Bill 3101 also prohibits the state or any local government from purchasing insurance for employees on a federal health insurance exchange.

Constitutional Authority for the Freedom of Health Care Protection Act

The bill’s preamble cites sections of the U.S. Constitution in making the case that the proposed legislation is legal and constitutional, while the ACA is unconstitutional.

The Tenth Amendment states any powers under the Constitution, not specifically given to the federal government or prohibited to the states, are reserved to the states or, the people. The South Carolina drafters of the bill argue that health care was never delegated to the federal government, and therefore it falls under the jurisdiction of the states.

Article VI, Clause 2, known as the Supremacy Clause, states that federal law is the supreme law of the land. That means federal legislation takes precedence over state or other laws when there is a conflict. However, state lawmakers argue federal law only takes precedence over South Carolina law when the subject matter properly falls to the federal government. Since health care was never specifically given to the federal government in the Constitution, the supremacy clause has no relevance. The state takes the position the Patient Protection and Affordable Care Act is unconstitutional.
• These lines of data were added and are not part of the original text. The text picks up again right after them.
(* Let $\mathcal{H}$, $\mathcal{F}$, $v_f$ and the greedy scheme be as in the context, with constant $c\ge 1$ and non-negative convex penalty $w$, and let $f^\star$ be any element of the Hilbert space. Then for every $m\ge 1$, $$\|f^\star-f_m\|^2+w(v_m)\le \inf_{f\in\mathcal{F}}\Big\{\|f^\star-f\|^2+w(cv_f)+\frac{4b_f}{m}\Big\},\qquad b_f=c^2v_f^2+2v_f\|f^\star\|(c+1)-\|f\|^2 .$$ Moreover, $$\|f^\star-f_m\|^2+w(v_m)\le \inf_{f\in\mathcal{F}}\inf_{\delta>0}\Big\{(1+\delta)\|f^\star-f\|^2+w(cv_f)+\frac{4(1+\delta)\delta^{-1}(c+1)^2v_f^2}{m}\Big\},$$ and consequently $$\|f^\star-f_m\|^2+w(v_m)\le \inf_{f\in\mathcal{F}}\Big\{\Big(\|f^\star-f\|+\frac{2(c+1)v_f}{\sqrt m}\Big)^2+w(cv_f)\Big\}.$$
   Context: Let $(\mathcal{V},\langle\cdot,\cdot\rangle)$ be a real Hilbert space with norm $\|\cdot\|$ (in the paper, $L^2(P)$ for a probability measure $P$ on $[-1,1]^d$). Let $\mathcal{H}\subset\mathcal{V}$ be a dictionary with $\|h\|\le 1$ for all $h\in\mathcal{H}$, $\mathcal{H}=-\mathcal{H}$ and $0\in\mathcal{H}$. Let $\mathcal{F}$ be the set of finite combinations $f=\sum_{h\in\mathcal{H}}\beta_h h$ with $\beta_h\ge 0$, and for $f\in\mathcal{F}$ let $v_f=\inf\{\sum_h\beta_h : f=\sum_h\beta_h h,\ \beta_h\ge0\}$. Let $w:\mathbb{R}\to[0,\infty)$ be convex and $c\ge1$. Greedy scheme: $f_0=0$, $v_0=0$. For $m=1,2,\dots$: choose $h_m\in\mathcal{H}$ with $\langle h_m,f^\star-f_{m-1}\rangle\ge \frac1c\sup_{h\in\mathcal{H}}\langle h,f^\star-f_{m-1}\rangle$; then choose $\alpha_m\in[0,1]$ and $\beta_{m,m}\ge0$ attaining $\inf_{\alpha\in[0,1],\beta\ge0}\big[\|f^\star-(1-\alpha)f_{m-1}-\beta h_m\|^2+w((1-\alpha)v_{m-1}+\beta)\big]$, and set $f_m=(1-\alpha_m)f_{m-1}+\beta_{m,m}h_m$, $v_m=(1-\alpha_m)v_{m-1}+\beta_{m,m}$. *)

From Stdlib Require Import Reals Lra List.
Open Scope R_scope.

Record Hilbert := {
  hcar :> Type;
  hadd : hcar -> hcar -> hcar;
  hopp : hcar -> hcar;
  hzero : hcar;
  hscal : R -> hcar -> hcar;
  hinner : hcar -> hcar -> R;
  hadd_assoc : forall x y z, hadd x (hadd y z) = hadd (hadd x y) z;
  hadd_comm : forall x y, hadd x y = hadd y x;
  hadd_zero : forall x, hadd x hzero = x;
  hadd_opp : forall x, hadd x (hopp x) = hzero;
  hscal_assoc : forall a b x, hscal a (hscal b x) = hscal (a * b) x;
  hscal_one : forall x, hscal 1 x = x;
  hscal_distr_v : forall a x y, hscal a (hadd x y) = hadd (hscal a x) (hscal a y);
  hscal_distr_s : forall a b x, hscal (a + b) x = hadd (hscal a x) (hscal b x);
  hinner_sym : forall x y, hinner x y = hinner y x;
  hinner_add_l : forall x y z, hinner (hadd x y) z = hinner x z + hinner y z;
  hinner_scal_l : forall a x y, hinner (hscal a x) y = a * hinner x y;
  hinner_pos : forall x, 0 <= hinner x x;
  hinner_def : forall x, hinner x x = 0 -> x = hzero;
  hcomplete : forall u : nat -> hcar,
    (forall eps, 0 < eps -> exists N, forall n m, (N <= n)%nat -> (N <= m)%nat ->
        sqrt (hinner (hadd (u n) (hopp (u m))) (hadd (u n) (hopp (u m)))) < eps) ->
    exists l, forall eps, 0 < eps -> exists N, forall n, (N <= n)%nat ->
        sqrt (hinner (hadd (u n) (hopp l)) (hadd (u n) (hopp l))) < eps
}.

Arguments hadd {h}. Arguments hopp {h}. Arguments hzero {h}.
Arguments hscal {h}. Arguments hinner {h}.

Definition hsub {V : Hilbert} (x y : V) : V := hadd x (hopp y).
Definition hnorm {V : Hilbert} (x : V) : R := sqrt (hinner x x).

Definition comb {V : Hilbert} (l : list (R * V)) : V :=
  fold_right (fun p acc => hadd (hscal (fst p) (snd p)) acc) hzero l.
Definition coef_sum {V : Hilbert} (l : list (R * V)) : R :=
  fold_right (fun p acc => fst p + acc) 0 l.

Definition is_rep {V : Hilbert} (Hd : V -> Prop) (f : V) (l : list (R * V)) : Prop :=
  Forall (fun p => 0 <= fst p /\ Hd (snd p)) l /\ f = comb l.

Definition inF {V : Hilbert} (Hd : V -> Prop) (f : V) : Prop :=
  exists l, is_rep Hd f l.

Definition is_inf (E : R -> Prop) (v : R) : Prop :=
  (forall x, E x -> v <= x) /\ (forall y, (forall x, E x -> y <= x) -> y <= v).

Definition is_vnorm {V : Hilbert} (Hd : V -> Prop) (f : V) (v : R) : Prop :=
  is_inf (fun s => exists l, is_rep Hd f l /\ s = coef_sum l) v.

Definition convex_fun (w : R -> R) : Prop :=
  forall x y t, 0 <= t <= 1 -> w (t * x + (1 - t) * y) <= t * w x + (1 - t) * w y.

Definition dictionary {V : Hilbert} (Hd : V -> Prop) : Prop :=
  (forall h, Hd h -> hnorm h <= 1) /\ (forall h, Hd h -> Hd (hopp h)) /\ Hd hzero.

Definition greedy_obj {V : Hilbert} (w : R -> R) (fstar fprev h : V) (vprev a b : R) : R :=
  hnorm (hsub fstar (hadd (hscal (1 - a) fprev) (hscal b h))) ^ 2
  + w ((1 - a) * vprev + b).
The bill’s preamble also states the United States Supreme Court violated Article 1, Section 1 of the Constitution. That section says all legislative powers shall be vested in the Congress, not the executive branch. The drafters state the court was wrong to refer to “penalties” under the Affordable Care Act as “taxes” when the lawmakers described them as penalties under the ACA. By holding the penalties were taxes, the justices usurped what was mandated by the Constitution for Congress to decide. Therefore the Supreme Court’s decision was unconstitutional and can be ignored.